Jessica Taylor. CS undergrad and Master’s at Stanford; former research fellow at MIRI.
I work on decision theory, social epistemology, strategy, naturalized agency, mathematical foundations, decentralized networking systems and applications, theory of mind, and functional programming languages.
Blog: unstableontology.com
Twitter: https://twitter.com/jessi_cata
I’ve written criticisms of orthogonality: The Obliqueness Thesis, Measuring intelligence and reverse-engineering goals.
While I do think human moral reasoning suggests non-orthogonality, it’s a somewhat conceptually tricky case. So recently I’ve been thinking about more straightforward ways of showing non-orthogonality relative to an architecture.
For example, consider RL agents playing Minecraft.
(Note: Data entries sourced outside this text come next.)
(* Consider the Floer triple $(\mathcal{C},f,m)$ over $\mathbb{Z}$ with $\mathcal{C}=\{\overline{c}_n:n\ge0\}\cup\{\underline{c}_n:n\ge1\}$, $f(\overline{c}_n)=-n$, $f(\underline{c}_n)=-n-1$, and whose only nonzero values of $m$ are $m(\underline{c}_n,\overline{c}_{n-1})=1$ and $m(\underline{c}_n,\overline{c}_n)=-2$ for $n\ge1$. Then, computing with integer coefficients, $\overline{HM}=\varinjlim_{b\to\infty}\varprojlim_{a\to-\infty}HM_a^b=0$, whereas the Novikov homology $HM\neq0$. In particular $HM$ and $\overline{HM}$ are not isomorphic.
   Context: A Floer triple over $\mathbb{Z}$: a set $\mathcal{C}$, $f\colon\mathcal{C}\to\mathbb{R}$, $m\colon\mathcal{C}\times\mathcal{C}\to\mathbb{Z}$ with (i) $\mathcal{C}_a^b=\{c: a\le f(c)\le b\}$ finite for all $a\le b$; (ii) $m(c_1,c_2)\ne0\Rightarrow f(c_1)<f(c_2)$; (iii) $\sum_{c_2}m(c_1,c_2)m(c_2,c_3)=0$ for all $c_1,c_3$. $CM_a^b$ is the free abelian group on $\mathcal{C}_a^b$ (zero if $a>b$), $\partial_a^b c=\sum_{c'\in\mathcal{C}_a^b}m(c',c)c'$, $HM_a^b$ its homology. For $a_1\le a_2$, $p^b_{a_2,a_1}\colon CM^b_{a_1}\to CM^b_{a_2}$ sends $c\mapsto c$ if $f(c)\ge a_2$ and to $0$ otherwise; for $b_1\le b_2$, $i_a^{b_2,b_1}$ is the inclusion; $Hp,Hi$ are the induced maps. $\varprojlim_a HM_a^b$ is the group of families $(x_a)_{a}$ with $Hp^b_{a_2,a_1}x_{a_1}=x_{a_2}$; the direct limit over $b$ is taken with respect to the maps induced componentwise by $Hi$. The Novikov complex consists of formal sums $\sum_{c}\gamma_c c$, $\gamma_c\in\mathbb{Z}$, with $\{c:\gamma_c\ne0,f(c)>b\}$ finite for all $b$, and $\partial\sum\gamma_c c=\sum_c\gamma_c\sum_{c'}m(c',c)c'$; $HM$ is its homology. *)

From Stdlib Require Import Reals ZArith List.
Import ListNotations.

Record FloerData := {
  fc : Type;
  ff : fc -> R;
  fm : fc -> fc -> Z
}.

Definition HasSum {C : Type} (g : C -> Z) (s : Z) : Prop :=
  exists l : list C, NoDup l /\ (forall c, g c <> 0%Z -> In c l) /\
    s = fold_right (fun c acc => (g c + acc)%Z) 0%Z l.

Section Floer.
Variable T : FloerData.
Local Notation C := (fc T).
Local Notation f := (ff T).
Local Notation m := (fm T).

Definition is_floer_triple : Prop :=
  (forall a b : R, (a <= b)%R ->
     exists l : list C, forall c, In c l <-> (a <= f c <= b)%R)
  /\ (forall c1 c2, m c1 c2 <> 0%Z -> (f c1 < f c2)%R)
  /\ (forall c1 c3, HasSum (fun c2 => (m c1 c2 * m c2 c3)%Z) 0%Z).

Definition inW (a b : R) (c : C) : Prop := (a <= f c <= b)%R.

(* elements of CM_a^b, as coefficient functions supported in C_a^b *)
Definition chain (a b : R) (x : C -> Z) : Prop :=
  forall c, x c <> 0%Z -> inW a b c.

Definition bdry (a b : R) (x y : C -> Z) : Prop :=
  forall c', (inW a b c' -> HasSum (fun c => (m c' c * x c)%Z) (y c'))
          /\ (~ inW a b c' -> y c' = 0%Z).

Definition cycle (a b : R) (z : C -> Z) : Prop :=
  chain a b z /\ bdry a b z (fun _ => 0%Z).

Definition homologous (a b : R) (z1 z2 : C -> Z) : Prop :=
  exists w, chain a b w /\ bdry a b w (fun c => (z1 c - z2 c)%Z).

Definition proj (a2 : R) (x : C -> Z) : C -> Z :=
  fun c => if Rle_dec a2 (f c) then x c else 0%Z.

(* a family of cycle representatives defining an element of
   lim_{<- a} HM_a^b *)
Definition invlim_elt (b : R) (z : R -> C -> Z) : Prop :=
  (forall a, cycle a b (z a)) /\
  (forall a1 a2, (a1 <= a2)%R -> homologous a2 b (proj a2 (z a1)) (z a2)).

(* \overline{HM} = lim_{-> b} lim_{<- a} HM_a^b is zero: every element,
   represented at stage b, becomes zero at some later stage b'. *)
Definition HMbar_trivial : Prop :=
  forall (b : R) (z : R -> C -> Z), invlim_elt b z ->
    exists b', (b <= b')%R /\ forall a, homologous a b' (z a) (fun _ => 0%Z).

Definition novikov (x : C -> Z) : Prop :=
  forall b : R, exists l : list C, forall c, x c <> 0%Z -> (b < f c)%R -> In c l.

Definition nov_bdry (x y : C -> Z) : Prop :=
  forall c', HasSum (fun c => (m c' c * x c)%Z) (y c').

Definition nov_cycle (z : C -> Z) : Prop := novikov z /\ nov_bdry z (fun _ => 0%Z).

Definition nov_boundary (z : C -> Z) : Prop := exists w, novikov w /\ nov_bdry w z.

Definition HM_nontrivial : Prop := exists z, nov_cycle z /\ ~ nov_boundary z.

End Floer.

(* The concrete example. [Over n] is \overline{c}_n (n >= 0) and
   [Under n] is \underline{c}_{n+1} (index shifted so that n ranges over nat). *)
Inductive exC : Type := Over (n : nat) | Under (n : nat).

Definition ex_f (c : exC) : R :=
  match c with
  | Over n => (- INR n)%R
  | Under n => (- INR (S n) - 1)%R
  end.

Definition ex_m (c1 c2 : exC) : Z :=
  match c1, c2 with
  | Under n, Over k =>
      if Nat.eqb k n then 1%Z else if Nat.eqb k (S n) then (-2)%Z else 0%Z
  | _, _ => 0%Z
  end.

Definition ex_triple : FloerData := {| fc := exC; ff := ex_f; fm := ex_m |}.

(** A chain [w] has boundary [y] iff [y(Under j) = w(Over j) - 2 w(Over (j+1))]
    wherever [Under j] lies in the window; the [Over] coefficients of a boundary
    always vanish.

    For [HMbar]: a cycle on [[a, b]] satisfies [y(Over k) = 2 y(Over (k+1))]
    as long as [Under k] is in the window, and the maps [p] do not change
    [Over] coefficients up to homology.  Hence in an element [(z_a)] of the
    inverse limit every [Over] coefficient of [z_a] is divisible by every
    power of [2], so [z_a] lives on the [Under]'s.  Such a finite chain is the
    boundary of [w_i = sum_t 2^t z_a(Under (i+t))], which lies in the window
    once [b >= 0].

    For [HM]: the sum of the [Under (2i)] is a Novikov cycle, but a primitive
    [w] would satisfy [3 w_0 + 1 = 4^i (3 w_(2i) + 1)] for all [i], which has
    no integer solution ([w_0 = -1/3] only 2-adically). *)

From Stdlib Require Import Reals ZArith List Lra Lia Permutation Znumtheory.
Import ListNotations.

Section Finite_sums.
Variable C : Type.
Implicit Types (g : C -> Z) (l : list C).

Definition zsum g l : Z := fold_right (fun c acc => (g c + acc)%Z) 0%Z l.

Lemma zsum_Permutation g l1 l2 : Permutation l1 l2 -> zsum g l1 = zsum g l2.
Proof. unfold zsum; induction 1; simpl; lia. Qed.

Lemma zsum_filter_nonzero g l :
  zsum g l = zsum g (filter (fun c => negb (g c =? 0)%Z) l).
Proof.
  unfold zsum; induction l as [|c l IH]; simpl; [reflexivity|].
  destruct (Z.eqb_spec (g c) 0); simpl; lia.
Qed.

Lemma HasSum_unique g s t : HasSum g s -> HasSum g t -> s = t.
Proof.
  intros [l1 [Hnd1 [Hsup1 ->]]] [l2 [Hnd2 [Hsup2 ->]]].
  change (zsum g l1 = zsum g l2).
  rewrite (zsum_filter_nonzero g l1), (zsum_filter_nonzero g l2).
  apply zsum_Permutation, NoDup_Permutation; try apply NoDup_filter; auto.
  intro c; rewrite !filter_In, !Bool.negb_true_iff, !Z.eqb_neq.
  split; intros [_ Hc]; auto.
Qed.

Lemma HasSum_zero g : (forall c, g c = 0%Z) -> HasSum g 0%Z.
Proof.
  intros Hg; exists []; split; [constructor|split; [|reflexivity]].
  intros c Hc; contradiction (Hc (Hg c)).
Qed.

Lemma HasSum_pair g x y :
  x <> y -> (forall c, g c <> 0%Z -> c = x \/ c = y) -> HasSum g (g x + g y)%Z.
Proof.
  intros Hxy Hsup; exists [x; y]; split; [|split].
  - repeat constructor; simpl; intuition.
  - intros c Hc; destruct (Hsup c Hc) as [-> | ->]; simpl; auto.
  - simpl; lia.
Qed.

End Finite_sums.

Lemma Z_eq0_of_pow_divides (d n : Z) :
  (1 < d)%Z -> (forall k : nat, (d ^ Z.of_nat k | n)%Z) -> n = 0%Z.
Proof.
  intros Hd Hdiv; destruct (Z.eq_dec n 0) as [|Hn]; [assumption|exfalso].
  pose proof (Zdivide_bounds _ _ (Hdiv (Z.to_nat (Z.abs n))) Hn) as Hle.
  rewrite Z2Nat.id, Z.abs_eq in Hle by (try apply Z.pow_nonneg; lia).
  pose proof (Z.pow_gt_lin_r d (Z.abs n) Hd (Z.abs_nonneg n)); lia.
Qed.

Lemma ex_m_Over_l (k : nat) (c : exC) : ex_m (Over k) c = 0%Z.
Proof. destruct c; reflexivity. Qed.

Lemma ex_m_Under_r (c : exC) (k : nat) : ex_m c (Under k) = 0%Z.
Proof. destruct c; reflexivity. Qed.

Lemma ex_m_Over_sum (w : exC -> Z) (k : nat) :
  HasSum (fun c => (ex_m (Over k) c * w c)%Z) 0%Z.
Proof. apply HasSum_zero; intro c; rewrite ex_m_Over_l; reflexivity. Qed.

Lemma ex_m_Under_sum (w : exC -> Z) (j : nat) :
  HasSum (fun c => (ex_m (Under j) c * w c)%Z) (w (Over j) - 2 * w (Over (S j)))%Z.
Proof.
  replace (w (Over j) - 2 * w (Over (S j)))%Z with
    (ex_m (Under j) (Over j) * w (Over j) + ex_m (Under j) (Over (S j)) * w (Over (S j)))%Z.
  - apply (HasSum_pair _ (fun c => (ex_m (Under j) c * w c)%Z));
      [intro e; injection e; lia|].
    intros [k|k] Hk; simpl in Hk; [|lia].
    destruct (Nat.eqb_spec k j); [subst; auto|].
    destruct (Nat.eqb_spec k (S j)); [subst; auto|lia].
  - cbn [ex_m]; rewrite !Nat.eqb_refl.
    destruct (Nat.eqb_spec (S j) j); [lia|]; lia.
Qed.

Lemma ex_bdry_Over (a b : R) (x y : exC -> Z) (k : nat) :
  bdry ex_triple a b x y -> inW ex_triple a b (Over k) -> y (Over k) = 0%Z.
Proof.
  intros Hb Hw; exact (HasSum_unique _ _ _ _ (proj1 (Hb (Over k)) Hw) (ex_m_Over_sum x k)).
Qed.

Lemma ex_bdry_Under (a b : R) (x y : exC -> Z) (j : nat) :
  bdry ex_triple a b x y -> inW ex_triple a b (Under j) ->
  y (Under j) = (x (Over j) - 2 * x (Over (S j)))%Z.
Proof.
  intros Hb Hw; exact (HasSum_unique _ _ _ _ (proj1 (Hb (Under j)) Hw) (ex_m_Under_sum x j)).
Qed.

Lemma ex_nov_bdry_Under (x y : exC -> Z) (j : nat) :
  nov_bdry ex_triple x y -> y (Under j) = (x (Over j) - 2 * x (Over (S j)))%Z.
Proof. intros Hb; exact (HasSum_unique _ _ _ _ (Hb (Under j)) (ex_m_Under_sum x j)). Qed.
If you want to get agents that beat the game, you could encode this preference function directly as a reward function, reward it when it beats the game. However this fails in practice.
The alternative is reward shaping. Reward it for pursuing instrumental values like exploring or getting new resources. This agent is much more likely to win, despite it being mis-aligned.
What this shows is that reinforcement learning is a non-orthogonal architecture. Some goals (reward functions) lead to more satisfaction of convergent instrumental goals than others.
Slightly tricker case is humans. Direct encoding of inclusive fitness as human neural values seems like it would produce high fitness, but we don’t see humans have this, therefore the space evolution is searching over is probably non-orthogonal.
Maybe it’s like the RL case where organisms are more likely to have fitness if they have neural encodings of instrumental goals, which are easier to optimize short-term. Fixed-action patterns suggest something like this, there’s a “terminal value” of engaging in fixed action patterns (which happen to be ones that promote fitness; evolution searched over many possible fixed action patterns).
So instead of assuming “organisms get more fitness by having values aligned with inclusive fitness” we could re-frame as, “inclusive fitness is a meta-value over organisms (including their values), some values lead to higher inclusive fitness than others, empirically”.
This approach could be used to study human morality. Maybe some tendencies to engage in moral reasoning lead to more fitness, even if moral reasoning isn’t straightforwardly aligned with fitness. Perhaps because, morality is a convenient proxy that works in bounded rationality.
A thesis would be something like, orthogonality holds for almost no architectures. Relative to an architecture like RL or neural encodings of values, there are almost always “especially smart values” that lead to more convergent instrumental goal achievement. Evolution will tend to find these empirically.
This doesn’t contradict that there is some architecture that is orthogonal, which I take to be the steelman of the orthogonality thesis. However it suggests that even if this steelman is true, it has limited applicability to empirically realized agent architectures, and in particular doesn’t apply to human preference/morality.